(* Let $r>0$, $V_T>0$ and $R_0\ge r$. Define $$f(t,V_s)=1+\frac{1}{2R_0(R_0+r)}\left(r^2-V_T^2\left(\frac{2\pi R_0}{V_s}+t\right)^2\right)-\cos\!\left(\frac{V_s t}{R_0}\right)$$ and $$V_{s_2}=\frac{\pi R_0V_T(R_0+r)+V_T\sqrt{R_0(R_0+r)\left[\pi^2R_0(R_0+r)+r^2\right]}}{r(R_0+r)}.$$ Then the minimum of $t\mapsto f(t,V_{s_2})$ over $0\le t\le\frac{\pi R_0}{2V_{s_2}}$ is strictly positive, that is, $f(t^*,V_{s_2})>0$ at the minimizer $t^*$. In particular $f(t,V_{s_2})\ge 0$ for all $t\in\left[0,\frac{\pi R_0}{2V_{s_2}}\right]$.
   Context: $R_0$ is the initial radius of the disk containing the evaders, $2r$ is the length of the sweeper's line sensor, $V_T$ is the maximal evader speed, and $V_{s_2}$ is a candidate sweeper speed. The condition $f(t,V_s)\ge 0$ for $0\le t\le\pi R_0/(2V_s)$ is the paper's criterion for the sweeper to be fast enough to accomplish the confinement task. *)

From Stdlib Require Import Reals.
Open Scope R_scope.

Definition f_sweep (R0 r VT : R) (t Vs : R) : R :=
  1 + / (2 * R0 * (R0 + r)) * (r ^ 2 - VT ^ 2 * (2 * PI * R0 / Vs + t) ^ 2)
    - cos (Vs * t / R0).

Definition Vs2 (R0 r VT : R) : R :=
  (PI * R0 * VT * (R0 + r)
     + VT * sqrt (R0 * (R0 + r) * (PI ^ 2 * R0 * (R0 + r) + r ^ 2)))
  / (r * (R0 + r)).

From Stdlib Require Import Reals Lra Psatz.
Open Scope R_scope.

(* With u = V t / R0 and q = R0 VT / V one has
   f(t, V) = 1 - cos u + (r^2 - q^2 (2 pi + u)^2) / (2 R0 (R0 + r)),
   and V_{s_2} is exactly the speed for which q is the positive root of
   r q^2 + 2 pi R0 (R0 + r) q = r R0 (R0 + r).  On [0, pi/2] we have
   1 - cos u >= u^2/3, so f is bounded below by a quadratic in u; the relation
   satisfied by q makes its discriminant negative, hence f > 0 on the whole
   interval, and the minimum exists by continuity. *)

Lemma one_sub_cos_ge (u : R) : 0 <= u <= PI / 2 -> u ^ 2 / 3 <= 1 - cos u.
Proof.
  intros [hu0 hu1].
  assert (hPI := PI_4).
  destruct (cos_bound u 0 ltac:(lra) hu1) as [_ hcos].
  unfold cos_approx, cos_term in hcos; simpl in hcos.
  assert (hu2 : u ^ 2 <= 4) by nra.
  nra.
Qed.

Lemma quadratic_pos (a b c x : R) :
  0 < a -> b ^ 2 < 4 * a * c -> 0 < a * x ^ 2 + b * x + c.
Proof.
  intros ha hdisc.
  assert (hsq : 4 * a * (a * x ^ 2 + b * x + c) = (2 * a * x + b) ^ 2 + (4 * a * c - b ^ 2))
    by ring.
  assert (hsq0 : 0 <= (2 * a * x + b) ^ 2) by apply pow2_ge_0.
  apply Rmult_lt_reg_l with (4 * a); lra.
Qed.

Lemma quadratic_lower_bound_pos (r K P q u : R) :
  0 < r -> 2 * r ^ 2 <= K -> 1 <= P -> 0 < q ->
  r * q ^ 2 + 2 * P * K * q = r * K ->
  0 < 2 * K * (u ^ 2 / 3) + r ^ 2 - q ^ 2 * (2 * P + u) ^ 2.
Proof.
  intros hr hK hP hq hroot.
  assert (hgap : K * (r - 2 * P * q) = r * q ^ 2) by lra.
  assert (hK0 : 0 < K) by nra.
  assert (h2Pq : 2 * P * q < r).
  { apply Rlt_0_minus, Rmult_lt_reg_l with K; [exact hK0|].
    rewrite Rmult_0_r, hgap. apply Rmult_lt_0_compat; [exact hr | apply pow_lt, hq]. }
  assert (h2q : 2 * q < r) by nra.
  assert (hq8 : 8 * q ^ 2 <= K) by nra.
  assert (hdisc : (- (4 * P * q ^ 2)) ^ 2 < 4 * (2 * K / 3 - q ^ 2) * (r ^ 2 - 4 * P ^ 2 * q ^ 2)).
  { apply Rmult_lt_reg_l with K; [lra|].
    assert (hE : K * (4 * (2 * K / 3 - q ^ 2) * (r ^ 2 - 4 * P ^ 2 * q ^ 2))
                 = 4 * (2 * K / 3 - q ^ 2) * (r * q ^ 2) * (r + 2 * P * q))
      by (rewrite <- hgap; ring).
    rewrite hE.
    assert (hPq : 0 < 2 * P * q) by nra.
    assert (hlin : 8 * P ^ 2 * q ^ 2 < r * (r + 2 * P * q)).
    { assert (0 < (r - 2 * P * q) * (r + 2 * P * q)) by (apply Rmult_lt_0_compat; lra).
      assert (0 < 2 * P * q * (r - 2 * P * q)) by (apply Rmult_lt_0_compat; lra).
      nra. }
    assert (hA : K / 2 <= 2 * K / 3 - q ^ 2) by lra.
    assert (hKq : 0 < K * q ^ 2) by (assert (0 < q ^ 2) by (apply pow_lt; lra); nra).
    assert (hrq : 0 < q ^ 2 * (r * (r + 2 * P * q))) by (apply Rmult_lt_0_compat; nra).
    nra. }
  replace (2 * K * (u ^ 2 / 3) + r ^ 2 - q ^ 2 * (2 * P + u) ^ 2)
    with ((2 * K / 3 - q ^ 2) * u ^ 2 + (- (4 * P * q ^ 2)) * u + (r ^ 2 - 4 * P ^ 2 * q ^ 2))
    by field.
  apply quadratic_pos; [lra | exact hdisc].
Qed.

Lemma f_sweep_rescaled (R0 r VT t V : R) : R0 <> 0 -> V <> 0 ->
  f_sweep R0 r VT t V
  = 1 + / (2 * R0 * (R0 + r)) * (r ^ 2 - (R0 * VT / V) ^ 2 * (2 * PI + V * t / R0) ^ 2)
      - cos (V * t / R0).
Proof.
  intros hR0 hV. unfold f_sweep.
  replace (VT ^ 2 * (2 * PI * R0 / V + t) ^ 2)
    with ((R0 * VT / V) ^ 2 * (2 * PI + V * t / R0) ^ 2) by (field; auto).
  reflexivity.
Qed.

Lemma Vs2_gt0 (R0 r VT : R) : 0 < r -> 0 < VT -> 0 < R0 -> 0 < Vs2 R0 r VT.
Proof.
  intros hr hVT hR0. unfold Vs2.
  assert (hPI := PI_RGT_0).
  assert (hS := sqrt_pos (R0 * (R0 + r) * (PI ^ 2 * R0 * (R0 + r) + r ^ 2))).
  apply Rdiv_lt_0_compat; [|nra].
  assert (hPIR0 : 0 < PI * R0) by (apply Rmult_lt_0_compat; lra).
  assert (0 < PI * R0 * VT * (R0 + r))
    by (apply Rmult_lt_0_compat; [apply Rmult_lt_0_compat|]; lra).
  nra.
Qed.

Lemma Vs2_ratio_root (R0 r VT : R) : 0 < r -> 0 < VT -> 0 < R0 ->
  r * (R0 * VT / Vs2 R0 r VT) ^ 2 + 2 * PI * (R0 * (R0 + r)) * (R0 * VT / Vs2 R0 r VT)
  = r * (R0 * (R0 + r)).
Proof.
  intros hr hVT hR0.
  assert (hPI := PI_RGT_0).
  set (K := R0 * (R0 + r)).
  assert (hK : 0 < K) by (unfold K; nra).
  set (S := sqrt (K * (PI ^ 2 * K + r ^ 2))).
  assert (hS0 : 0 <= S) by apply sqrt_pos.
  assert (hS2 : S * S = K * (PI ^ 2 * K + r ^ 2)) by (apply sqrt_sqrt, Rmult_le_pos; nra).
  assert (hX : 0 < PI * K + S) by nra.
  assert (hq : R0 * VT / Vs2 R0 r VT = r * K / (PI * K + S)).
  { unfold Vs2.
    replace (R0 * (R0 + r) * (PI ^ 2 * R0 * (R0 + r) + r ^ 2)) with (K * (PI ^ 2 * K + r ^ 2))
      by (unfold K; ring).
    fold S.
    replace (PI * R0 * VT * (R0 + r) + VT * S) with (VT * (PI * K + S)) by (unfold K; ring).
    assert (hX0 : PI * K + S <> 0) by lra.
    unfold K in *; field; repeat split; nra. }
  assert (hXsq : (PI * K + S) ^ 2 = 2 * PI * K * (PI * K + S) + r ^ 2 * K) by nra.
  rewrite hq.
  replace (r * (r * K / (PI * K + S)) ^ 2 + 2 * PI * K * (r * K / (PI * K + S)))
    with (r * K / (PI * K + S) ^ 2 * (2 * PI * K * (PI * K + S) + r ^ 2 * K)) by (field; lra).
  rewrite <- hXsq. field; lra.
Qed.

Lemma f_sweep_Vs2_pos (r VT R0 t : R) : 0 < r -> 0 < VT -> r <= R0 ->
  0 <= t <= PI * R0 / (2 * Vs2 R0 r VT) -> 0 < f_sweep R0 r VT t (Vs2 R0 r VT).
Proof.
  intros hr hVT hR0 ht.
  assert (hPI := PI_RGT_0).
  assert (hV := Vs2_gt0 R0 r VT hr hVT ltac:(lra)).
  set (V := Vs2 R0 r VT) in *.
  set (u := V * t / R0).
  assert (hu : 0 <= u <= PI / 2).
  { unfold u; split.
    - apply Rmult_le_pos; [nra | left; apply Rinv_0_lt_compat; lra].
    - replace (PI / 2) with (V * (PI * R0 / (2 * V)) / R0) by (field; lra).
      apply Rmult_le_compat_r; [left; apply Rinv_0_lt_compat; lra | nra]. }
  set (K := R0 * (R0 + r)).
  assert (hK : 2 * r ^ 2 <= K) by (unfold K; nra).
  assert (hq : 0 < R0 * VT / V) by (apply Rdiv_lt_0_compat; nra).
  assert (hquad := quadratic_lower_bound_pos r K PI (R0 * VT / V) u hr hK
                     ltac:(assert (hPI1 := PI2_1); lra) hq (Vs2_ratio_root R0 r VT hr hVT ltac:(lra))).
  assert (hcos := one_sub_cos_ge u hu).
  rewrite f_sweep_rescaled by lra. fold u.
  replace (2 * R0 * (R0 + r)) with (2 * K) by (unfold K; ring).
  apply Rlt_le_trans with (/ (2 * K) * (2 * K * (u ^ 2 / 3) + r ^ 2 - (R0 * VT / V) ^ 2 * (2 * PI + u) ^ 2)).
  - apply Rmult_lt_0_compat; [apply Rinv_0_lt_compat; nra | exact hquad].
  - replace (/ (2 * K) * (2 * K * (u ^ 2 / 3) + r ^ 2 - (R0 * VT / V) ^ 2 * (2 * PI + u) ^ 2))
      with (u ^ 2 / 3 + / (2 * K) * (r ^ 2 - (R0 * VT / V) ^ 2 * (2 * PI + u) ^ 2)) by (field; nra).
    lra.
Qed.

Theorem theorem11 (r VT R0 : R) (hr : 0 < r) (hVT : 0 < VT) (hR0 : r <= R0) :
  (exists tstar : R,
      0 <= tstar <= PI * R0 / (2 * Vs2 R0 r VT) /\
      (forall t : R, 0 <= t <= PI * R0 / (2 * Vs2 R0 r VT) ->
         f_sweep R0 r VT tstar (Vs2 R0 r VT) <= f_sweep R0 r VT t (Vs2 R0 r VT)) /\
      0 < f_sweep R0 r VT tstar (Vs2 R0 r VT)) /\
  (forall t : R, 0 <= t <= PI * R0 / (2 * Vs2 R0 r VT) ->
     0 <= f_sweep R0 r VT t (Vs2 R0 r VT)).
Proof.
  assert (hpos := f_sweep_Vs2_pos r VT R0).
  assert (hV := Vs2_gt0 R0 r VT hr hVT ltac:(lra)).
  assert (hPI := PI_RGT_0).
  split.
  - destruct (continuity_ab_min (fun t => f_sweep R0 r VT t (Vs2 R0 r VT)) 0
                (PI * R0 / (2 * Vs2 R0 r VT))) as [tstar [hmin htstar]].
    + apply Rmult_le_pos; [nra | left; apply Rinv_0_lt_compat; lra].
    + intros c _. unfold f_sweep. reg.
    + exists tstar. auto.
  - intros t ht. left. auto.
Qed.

=====

• _Task requirements_:
All lines above holding the word "destruct" make up the answer; copy each one.

• _Problem solution_:
  destruct (cos_bound u 0 ltac:(lra) hu1) as [_ hcos].
  - destruct (continuity_ab_min (fun t => f_sweep R0 r VT t (Vs2 R0 r VT)) 0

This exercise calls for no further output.